*** Opening Records provided ***
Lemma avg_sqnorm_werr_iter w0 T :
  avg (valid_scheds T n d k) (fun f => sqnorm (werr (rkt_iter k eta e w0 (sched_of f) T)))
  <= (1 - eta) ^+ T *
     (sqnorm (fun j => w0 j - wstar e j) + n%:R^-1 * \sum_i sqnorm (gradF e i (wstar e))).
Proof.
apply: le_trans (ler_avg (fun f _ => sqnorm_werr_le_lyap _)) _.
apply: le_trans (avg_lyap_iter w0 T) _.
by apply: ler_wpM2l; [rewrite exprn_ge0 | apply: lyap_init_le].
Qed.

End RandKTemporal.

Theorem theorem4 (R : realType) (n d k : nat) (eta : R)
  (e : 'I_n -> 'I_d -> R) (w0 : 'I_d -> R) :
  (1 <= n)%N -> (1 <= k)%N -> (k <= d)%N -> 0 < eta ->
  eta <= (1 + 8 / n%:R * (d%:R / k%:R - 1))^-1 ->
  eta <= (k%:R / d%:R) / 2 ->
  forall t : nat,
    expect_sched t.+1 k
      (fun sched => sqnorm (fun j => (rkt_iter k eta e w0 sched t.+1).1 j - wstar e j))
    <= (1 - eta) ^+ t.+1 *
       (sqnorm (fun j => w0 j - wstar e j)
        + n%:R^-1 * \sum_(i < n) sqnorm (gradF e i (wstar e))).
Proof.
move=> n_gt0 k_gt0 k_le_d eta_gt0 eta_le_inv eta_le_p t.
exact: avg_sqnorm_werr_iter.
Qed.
*** Closing Records provided ***
◆ Exercise details: Each of the entries above should be written out again exactly.

◆ Exercise answer:
Lemma avg_sqnorm_werr_iter w0 T :
  avg (valid_scheds T n d k) (fun f => sqnorm (werr (rkt_iter k eta e w0 (sched_of f) T)))
  <= (1 - eta) ^+ T *
     (sqnorm (fun j => w0 j - wstar e j) + n%:R^-1 * \sum_i sqnorm (gradF e i (wstar e))).
Proof.
apply: le_trans (ler_avg (fun f _ => sqnorm_werr_le_lyap _)) _.
apply: le_trans (avg_lyap_iter w0 T) _.
by apply: ler_wpM2l; [rewrite exprn_ge0 | apply: lyap_init_le].
Qed.

End RandKTemporal.

Theorem theorem4 (R : realType) (n d k : nat) (eta : R)
  (e : 'I_n -> 'I_d -> R) (w0 : 'I_d -> R) :
  (1 <= n)%N -> (1 <= k)%N -> (k <= d)%N -> 0 < eta ->
  eta <= (1 + 8 / n%:R * (d%:R / k%:R - 1))^-1 ->
  eta <= (k%:R / d%:R) / 2 ->
  forall t : nat,
    expect_sched t.+1 k
      (fun sched => sqnorm (fun j => (rkt_iter k eta e w0 sched t.+1).1 j - wstar e j))
    <= (1 - eta) ^+ t.+1 *
       (sqnorm (fun j => w0 j - wstar e j)
        + n%:R^-1 * \sum_(i < n) sqnorm (gradF e i (wstar e))).
Proof.
move=> n_gt0 k_gt0 k_le_d eta_gt0 eta_le_inv eta_le_p t.
exact: avg_sqnorm_werr_iter.
Qed.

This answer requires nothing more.